On November 14, 2017, the Court conducted a hearing on Creditor's Motion to Rescind AEO Order, and subsequently entered its Order on Motion to Rescind Sua Sponte Order for Attorney Eyes Only. That order continued the hearing to January 31, 2018, and instructed Creditor, if he wished to pursue the issues in Creditor's Motion to Rescind AEO Order, to file a separate motion to compel with sufficient supporting documentation.

Doc. No. 368.

On December 6, 2017, as anticipated by the Court in its Order on Motion to Rescind Sua Sponte Order for Attorney Eyes Only, Creditor filed his Motion to Compel Debtor Discovery ("Creditor's Motion to Compel"). At the January 31, 2018 hearing on Creditor's Motion to Compel, Creditor made the following representation to the Court regarding his desire to conduct discovery on the UPL Issue:

Doc. No. 363.

I'm not going to contact [Debtor's] clients. There's nothing in it for me at the
moment, and I will notify the Court by formal motion, I guess, if I really feel I need to at some point.

Transcript, Doc. No. 390, p. 94, ll. 16-19.

At the conclusion of the hearing Court summarized its ruling:

All right. So Mr. Yormak [Creditor], you can give me an order that grants your motion to rescind any Attorney's Eyes Only rulings, defers consideration of the motion to compel, [and] requires no discovery responses or production of documents pending further order of the Court.

Transcript, Doc. No. 390, p. 106, ll. 20-24.

Thereafter, the Court entered an order that rescinded the AEO Order and stayed discovery pending the Court's ruling on Debtor's Motion for Leave to Amend the Objection to Claim (the "AEO Rescission Order").

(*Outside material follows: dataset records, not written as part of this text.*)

Theorem corollary1 (n : nat) (Hn : 0 < n)
  (H : 'I_2 -> seq (gvert n)) (E : 'I_n -> seq (qstr n)) :
  ham_decomp (@gadj n) H ->
  ham_decomp (@qadj n) E ->
  (forall i, head (qzero n) (E i) = qzero n) ->
  ham_decomp (@qadj (n + n)) (fun ij : 'I_n * 'I_2 => fEH (E ij.1) (H ij.2)).
Proof.
move=> [hamH disjH unH] [hamE disjE unE] _.
have edgesF i j :
    cycle_edges (fEH (E i) (H j)) = edge_image (Phi_inv (E i)) (cycle_edges (H j)).
  by apply: cycle_edges_map (Phi_inj (hamE i)) _; case/and3P: (hamH j).
have in_lift i j : cycle_edges (fEH (E i) (H j)) \subset lift_edges (cycle_edges (E i)).
  by rewrite edgesF -(Phi_edges (hamE i)) -unH; apply/imsetS/bigcup_sup.
split.
(* each f(E_i,H_j) is the image of a Hamilton cycle by a bijective homomorphism *)
- case=> i j; apply: ham_cycle_map (Phi_inj (hamE i)) _ (Phi_adj (hamE i)) (hamH j).
  by rewrite !card_prod card_ffun !card_ord expnD.
(* same i: Phi is injective; different i: the lifts of the E_i are disjoint *)
- case=> i j [i' j'] /= ne; have [ei | ne_i] := eqVneq i i'.
  + rewrite -ei in ne *; rewrite !edgesF imset_disjoint; last exact/imset_inj/Phi_inj/hamE.
    by apply: disjH; apply: contraNneq ne => ->.
  + apply: disjointW (in_lift i j) (in_lift i' j') _.
    apply: lift_edges_disjoint (disjE _ _ ne_i) => A A_Ei.
    apply: (edge_set_card (@qadj_irr n)); rewrite -unE.
    exact: (subsetP (bigcup_sup _ _)) A_Ei.
(* all edges: lift of (union of the E_i) = union over i of Phi_i (union of the H_j) *)
- rewrite edge_set_qcat -unE lift_edges_bigcup.
  under [RHS]eq_bigr => i _ do rewrite -(Phi_edges (hamE i)) -unH edge_image_bigcup.
  rewrite pair_big; apply: eq_big => -[i j] //= _; exact: edgesF.
Qed.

Doc. No. 475. On February 7, 2018, Creditor submitted a proposed order from the January 31, 2018 hearing, to which Debtor's counsel objected. On May 23, 2018, an agreed form of order was submitted to the Court. However, because the proposed order did not contain any background or context, the order was incomprehensible, even to this Court. Thereafter, when it came to the Court's attention that no order had been entered, the Court drafted its own order. The order was entered on August 2, 2018.

At the conclusion of the April 4, 2018 hearing, after the Court had granted Debtor's Motion for Leave to Amend the Objection to Claim, Creditor brought up his earlier representation that he would not contact Debtor's clients. Creditor stated:

[P]reviously, at our January 31st, 2018 attendance, I undertook to not contact the Debtor clients. At this point, I want to withdraw that undertaking and offer to you, if you would make a ruling, if you want to make a ruling, I don't want to be held to my own undertaking.

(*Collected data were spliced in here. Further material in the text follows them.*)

Lemma wint_1_2 (c F : R -> R) y : (forall t, is_derive F t (c t)) -> (forall t, continuous c t) ->
  1 < y <= 2 -> wint c y = F y - F 1.
Proof.
  intros HF Hc Hy. unfold wint.
  assert (H01 : is_RInt (fun t => c t * M t) 0 1 0).
  { apply is_RInt_null. rewrite Rmin_left, Rmax_right by lra.
    intros t Ht. rewrite M_le1 by lra. ring. }
  assert (H12 : is_RInt (fun t => c t * M t) 1 y (minus (F y) (F 1))).
  { apply is_RInt_ext with c.
    - rewrite Rmin_left, Rmax_right by lra.
      intros t Ht. now rewrite M_1_2, Rmult_1_r by lra.
    - apply (@is_RInt_derive R_CompleteNormedModule); auto. }
  rewrite (is_RInt_unique _ _ _ _ (is_RInt_Chasles _ _ _ _ _ _ H01 H12)).
  change (0 + (F y - F 1) = F y - F 1). ring.
Qed.

Lemma K_1_2 y : 1 < y <= 2 -> K y = 0.
Proof.
  intros Hy. unfold K.
  rewrite (wint_1_2 wneg (fun t => - exp (- lam * t))), (wint_1_2 wpos (fun t => exp (lam * t)));
    auto using continuous_wneg, continuous_wpos.
  - rewrite Mr_gt1, M_1_2 by lra. unfold sinh.
    replace (- lam * y) with (- (lam * y)) by ring. rewrite !Rmult_1_r.
    replace (- lam * 1) with (- lam) by ring. field.
  - intros t. auto_derive; auto. unfold wpos. ring.
  - intros t. auto_derive; auto. unfold wneg. ring.
Qed.

Lemma is_derive_K y : 2 < y -> is_derive K y (sinhDM y).
Proof.
  intros Hy.
  assert (HA := is_derive_wint (y + 1) (fun z _ => continuous_Mr z) wneg y
                  continuous_wneg ltac:(lra)).
  assert (HB := is_derive_wint (y + 1) (fun z _ => continuous_Mr z) wpos y
                  continuous_wpos ltac:(lra)).
  assert (HMr : is_derive Mr y (Derive M y)).
  { apply is_derive_ext_loc with M.
    - apply (filter_imp (fun s => Mr s = M s)); [now intros s -> | apply Mr_M_near; lra].
    - apply Derive_correct. exists (D (y - 1)). replace y with (y - 1 + 1) at 1 by ring.
      apply is_derive_M_shift. lra. }
  unfold K, sinhDM, sinh. auto_derive.
  - repeat split; eexists; eassumption.
  - change (Derive (fun t => wint wneg t) y) with (Derive (wint wneg) y).
    change (Derive (fun t => wint wpos t) y) with (Derive (wint wpos) y).
    change (Derive (fun t => Mr t) y) with (Derive Mr y).
    rewrite (is_derive_unique _ _ _ HA), (is_derive_unique _ _ _ HB),
      (is_derive_unique _ _ _ HMr), Mr_gt1 by lra.
    unfold wneg, wpos. replace (- lam * y) with (- (lam * y)) by ring. field.
Qed.

Lemma RInt_sinhDM y : 1 < y -> RInt sinhDM 1 y = K y.
Proof.
  intros Hy. destruct (Rle_dec y 2).
  { rewrite K_1_2 by lra. apply is_RInt_unique, is_RInt_sinhDM_1_2. lra. }
  assert (Hnear : forall t, 1 < t ->
            locally t (fun z => is_RInt sinhDM 1 z (RInt sinhDM 1 z))).
  { intros t Ht. apply (locally_interval _ t 1 p_infty); simpl; try lra.
    intros z Hz _. apply (@RInt_correct R_CompleteNormedModule), ex_RInt_sinhDM. lra. }
  enough (H : RInt sinhDM 1 y - K y = RInt sinhDM 1 2 - K 2).
  { rewrite (K_1_2 2), (is_RInt_unique _ _ _ _ (is_RInt_sinhDM_1_2 2 ltac:(lra))) in H;
      lra. }
  apply (eq_of_is_derive_0 (fun z => RInt sinhDM 1 z - K z)); [lra| |].
  - intros t Ht. replace 0 with (sinhDM t - sinhDM t) by ring.
    apply (is_derive_minus (fun z => RInt sinhDM 1 z) K).
    + apply (is_derive_RInt sinhDM _ 1); [apply Hnear; lra | apply continuous_sinhDM; lra].
    + apply is_derive_K. lra.
  - intros t Ht. apply continuous_Rminus.
    + apply (continuous_RInt_1 sinhDM 1), Hnear. lra.
    + apply continuous_K. lra.
Qed.

End ParkingFunction.

Theorem mainTheorem7 (lam : R) (M : R -> R) :
  0 < lam -> M_spec lam M ->
  (forall x, 0 < x < 1 -> is_derive M x 0) /\
  (forall x, 1 < x < 2 -> is_derive M x 0) /\
  (forall x, 1 < x ->
     ex_RInt (fun t => lam * sinh (lam * t) * Derive M t) 1 x /\
     is_derive M (x + 1)
       ((RInt (fun t => lam * sinh (lam * t) * Derive M t) 1 x
         + lam * sinh lam) / (cosh (lam * x) - 1))).
Proof.
  intros lam_gt0 [M_le1 M_rec].
  split; [|split].
  - intros x Hx. now apply is_derive_M_0_1.
  - intros x Hx. eapply is_derive_M_1_2; eauto.
  - intros x Hx. split.
    + eapply ex_RInt_sinhDM; eauto.
    + change (is_derive M (x + 1)
                ((RInt (sinhDM lam M) 1 x + lam * sinh lam) / (cosh (lam * x) - 1))).
      erewrite RInt_sinhDM; eauto.
      eapply is_derive_M_shift; eauto.
Qed.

So I'm officially withdrawing that undertaking not to contact the Debtor's former clients and clients.

The Court and Creditor then engaged in the following colloquy:

THE COURT: It seems to me that it's appropriate to open discovery to the extent it hasn't been opened already. And it seems to me that before you just start contacting clients, Mr. Yormak, you probably want to ascertain what clients, the identity of the clients that the Debtor, Benjamin Yormak, would identify as being witnesses or having information regarding his allegations of the unauthorized practice of law, but . . .

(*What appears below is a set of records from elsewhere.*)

Lemma idx1 : idx 1. Proof. unfold idx; lia. Qed.
Lemma idx2 : idx 2. Proof. unfold idx; lia. Qed.
Lemma idx3 : idx 3. Proof. unfold idx; lia. Qed.

Section G3Consequences.
Context {G : group} (a b : nat -> G).
Hypothesis Hrel : G3_relations a b.

Local Notation U := (uu G a).
Local Notation V := (vv G b).
Local Notation P := (pp G a b).
Local Notation z123 := (zz G a b 1 2 3).
Local Notation t123 := (tt G a b 1 2 3).

Lemma comm_ab i : idx i -> comm (a i) (b i) = gone.
Proof. intro Hi. apply Hrel, Hi. Qed.

Lemma commute_ab i : idx i -> commute (a i) (b i).
Proof. intro Hi. apply comm1_commute, comm_ab, Hi. Qed.

Lemma central_sq_a i : idx i -> central (npow (a i) 2).
Proof. intro Hi. apply Hrel, Hi. Qed.

Lemma central_sq_b i : idx i -> central (npow (b i) 2).
Proof. intro Hi. apply Hrel, Hi. Qed.

Lemma pair_relations_lt i j : idx i -> idx j -> i < j ->
  U i j = U j i /\ V i j = V j i /\ P i j = P j i /\
  central (U i j) /\ central (V i j) /\
  U i j · U i j = gone /\ V i j · V i j = gone /\ P i j · P i j = gone.
Proof.
  intros Hi Hj Hij. destruct (proj1 (proj2 Hrel) i j Hi Hj Hij) as (?&?&?&?&?&?&?&?).
  rewrite <- !npow2. tauto.
Qed.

[CREDITOR]: Well, Your Honor, as far as I'm concerned 400 of the clients are potential witnesses. And I don't want in any way to . . . .

Transcript, Doc. No. 400, p. 21, ll. 7-13.

Transcript, Doc. No. 400, p. 22, ll. 12-23.

The Court, in order to preserve the status quo, and to give Debtor's counsel an opportunity to react if Creditor commenced contacting Debtor's clients, then ordered Creditor not to contact clients The Court stated:

And I'm not saying I'm going to forever prohibit you from contacting clients, I'm not saying that at all. But I think that [Debtor's counsel] deserves some time to respond to that without your calling 100 people tomorrow, okay?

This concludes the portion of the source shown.